(* Let $P$ be a continuous poset, $U\subseteq P$ an up-set and $D\subseteq P$ a down-set. Then (i) $k[U]$ is lower semi-continuous iff $U$ is Scott-open; (ii) $k[D]$ is lower semi-continuous iff $D$ is Scott-closed. For $P=\mathbb R^n$ with componentwise order one also has: (iii) $k[U]$ is upper semi-continuous iff $U$ is closed in the standard topology; (iv) $k[D]$ is upper semi-continuous iff $D$ is open in the standard topology.
   Context: Let $P$ be a poset. A subset is directed if nonempty and any two elements have an upper bound in it. $x\ll y$ means: for every directed $D$ whose supremum exists with $y\le\sup D$, some $d\in D$ satisfies $x\le d$. $P$ is continuous if for each $p$ the set $\{x:x\ll p\}$ is directed with supremum $p$. A set $U$ is Scott-open if it is an up-set meeting every directed set whose supremum exists and lies in $U$; Scott-closed sets are complements of Scott-open sets. $k$ is a commutative ring with unity; persistence modules are functors from $P$ (as a category) to $k$-modules. For convex $I\subseteq P$, $k[I]$ is the indicator module: $k$ on $I$, $0$ elsewhere, identity maps within $I$, zero otherwise. $\underline M_p=\varprojlim_{x\gg p}M_x$, $\overline M_p=\varinjlim_{x\ll p}M_x$; $M$ is upper (resp. lower) semi-continuous if the canonical morphism $M\to\underline M$ (resp. $\overline M\to M$) is an isomorphism. *)

From HB Require Import structures.
From mathcomp Require Import all_boot all_order all_algebra.
From mathcomp Require Import all_classical all_reals all_analysis.
Set Implicit Arguments. Unset Strict Implicit. Unset Printing Implicit Defensive.
Import Order.TTheory GRing.Theory Num.Theory.
Local Open Scope classical_set_scope.
Local Open Scope order_scope.

Section PosetNotions.
Context {disp : Order.disp_t} {P : porderType disp}.

Definition directed (D : set P) : Prop :=
  (exists d, D d) /\
  forall x y, D x -> D y -> exists z, [/\ D z, x <= z & y <= z].

Definition is_sup (D : set P) (s : P) : Prop :=
  (forall d, D d -> d <= s) /\
  (forall u, (forall d, D d -> d <= u) -> s <= u).

Definition way_below (x y : P) : Prop :=
  forall (D : set P) (s : P), directed D -> is_sup D s -> y <= s ->
    exists2 d, D d & x <= d.

Definition upset (U : set P) : Prop := forall x y, U x -> x <= y -> U y.
Definition downset (D : set P) : Prop := forall x y, D y -> x <= y -> D x.

Definition scott_open (U : set P) : Prop :=
  upset U /\
  forall (D : set P) (s : P), directed D -> is_sup D s -> U s ->
    exists2 d, D d & U d.

Definition scott_closed (C : set P) : Prop := scott_open (~` C).

End PosetNotions.

Definition continuous_poset (disp : Order.disp_t) (P : porderType disp) : Prop :=
  forall p : P, directed [set x | way_below x p] /\ is_sup [set x | way_below x p] p.

Record pmod (k : comNzRingType) (disp : Order.disp_t) (P : porderType disp) := PMod {
  pm_obj :> P -> lmodType k;
  pm_map : forall p q : P, p <= q -> pm_obj p -> pm_obj q
}.
Arguments pm_map {k disp P} _ {p q} _ _.

Definition klinear (k : comNzRingType) (V W : lmodType k) (f : V -> W) : Prop :=
  forall (a : k) (u v : V), (f (a *: u + v) = a *: f u + f v)%R.

Definition is_pmod k disp (P : porderType disp) (M : pmod k P) : Prop :=
  [/\ forall p q (h : p <= q), klinear (pm_map M h),
      forall p (h : p <= p) v, pm_map M h v = v &
      forall p q r (h1 : p <= q) (h2 : q <= r) (h3 : p <= r) v,
        pm_map M h3 v = pm_map M h2 (pm_map M h1 v)].

(** Lower semi-continuity: for every p, the canonical cocone
    (M_(x<=p) : M_x -> M_p)_(x << p) exhibits M_p as the colimit of the
    diagram (M_x)_(x << p); i.e. the canonical map colim_(x<<p) M_x -> M_p
    is an isomorphism. *)
Definition pm_lower_semicontinuous k disp (P : porderType disp) (M : pmod k P) : Prop :=
  forall p : P, forall (N : lmodType k)
    (f : forall x : P, way_below x p -> M x -> N),
    (forall x (hx : way_below x p), klinear (f x hx)) ->
    (forall x y (hx : way_below x p) (hy : way_below y p) (hxy : x <= y) v,
        f y hy (pm_map M hxy v) = f x hx v) ->
    exists g : M p -> N,
      [/\ klinear g,
          (forall x (hx : way_below x p) (hxp : x <= p) v,
              g (pm_map M hxp v) = f x hx v) &
          (forall g' : M p -> N, klinear g' ->
             (forall x (hx : way_below x p) (hxp : x <= p) v,
                 g' (pm_map M hxp v) = f x hx v) ->
             forall v, g' v = g v)].

(** Upper semi-continuity: for every p, the canonical cone
    (M_(p<=x) : M_p -> M_x)_(p << x) exhibits M_p as the limit of the
    diagram (M_x)_(x >> p); i.e. the canonical map M_p -> lim_(x>>p) M_x
    is an isomorphism. *)
Definition pm_upper_semicontinuous k disp (P : porderType disp) (M : pmod k P) : Prop :=
  forall p : P, forall (N : lmodType k)
    (f : forall x : P, way_below p x -> N -> M x),
    (forall x (hx : way_below p x), klinear (f x hx)) ->
    (forall x y (hx : way_below p x) (hy : way_below p y) (hxy : x <= y) v,
        pm_map M hxy (f x hx v) = f y hy v) ->
    exists g : N -> M p,
      [/\ klinear g,
          (forall x (hx : way_below p x) (hpx : p <= x) v,
              pm_map M hpx (g v) = f x hx v) &
          (forall g' : N -> M p, klinear g' ->
             (forall x (hx : way_below p x) (hpx : p <= x) v,
                 pm_map M hpx (g' v) = f x hx v) ->
             forall v, g' v = g v)].

(** Indicator module k[I]: k (realised as 'rV[k]_1) on I, 0 (= 'rV[k]_0)
    elsewhere; the map for p <= q is the identity k -> k when p, q \in I
    (multiplication by the 1x1 matrix 1) and zero otherwise (the zero
    module is involved). For convex I this is a functor. *)
Definition indicator_module (k : comNzRingType) disp (P : porderType disp)
    (I : set P) : pmod k P :=
  @PMod k disp P (fun p => 'rV[k]_(`[< I p >] : nat))
    (fun p q _ (v : 'rV[k]_(`[< I p >] : nat)) =>
       (v *m (const_mx 1%R : 'M[k]_(`[< I p >] : nat, `[< I q >] : nat)))%R).

(** R^n with the componentwise order; same carrier as 'rV[R]_n, which
    carries the standard (product/normed) topology. *)
Definition Rn (R : realType) (n : nat) : Type := 'rV[R]_n.
HB.instance Definition _ (R : realType) (n : nat) := Choice.on (Rn R n).

Definition Rn_le (R : realType) (n : nat) (u v : Rn R n) : bool :=
  [forall i, (u ord0 i <= v ord0 i)%R].

Lemma Rn_le_refl (R : realType) (n : nat) : reflexive (@Rn_le R n).
Proof. by move=> u; apply/forallP => i. Qed.

Lemma Rn_le_anti (R : realType) (n : nat) : antisymmetric (@Rn_le R n).
Proof.
move=> u v /andP[/forallP uv /forallP vu]; apply/matrixP => i j.
by rewrite (ord1 i); apply/eqP; rewrite eq_le uv vu.
Qed.

Lemma Rn_le_trans (R : realType) (n : nat) : transitive (@Rn_le R n).
Proof.
move=> v u w /forallP uv /forallP vw; apply/forallP => i.
exact: le_trans (uv i) (vw i).
Qed.

HB.instance Definition _ (R : realType) (n : nat) :=
  Order.Le_isPOrder.Build Order.default_display (Rn R n)
    (@Rn_le_refl R n) (@Rn_le_anti R n) (@Rn_le_trans R n).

----------

Your task: Please transcribe only the lines in the records above running from the line that has "Definition is_pmod k" through the line that has "Definition pm_lower_semicontinuous k", both included, exactly as they appear.

Exercise output:
Definition is_pmod k disp (P : porderType disp) (M : pmod k P) : Prop :=
  [/\ forall p q (h : p <= q), klinear (pm_map M h),
      forall p (h : p <= p) v, pm_map M h v = v &
      forall p q r (h1 : p <= q) (h2 : q <= r) (h3 : p <= r) v,
        pm_map M h3 v = pm_map M h2 (pm_map M h1 v)].

(** Lower semi-continuity: for every p, the canonical cocone
    (M_(x<=p) : M_x -> M_p)_(x << p) exhibits M_p as the colimit of the
    diagram (M_x)_(x << p); i.e. the canonical map colim_(x<<p) M_x -> M_p
    is an isomorphism. *)
Definition pm_lower_semicontinuous k disp (P : porderType disp) (M : pmod k P) : Prop :=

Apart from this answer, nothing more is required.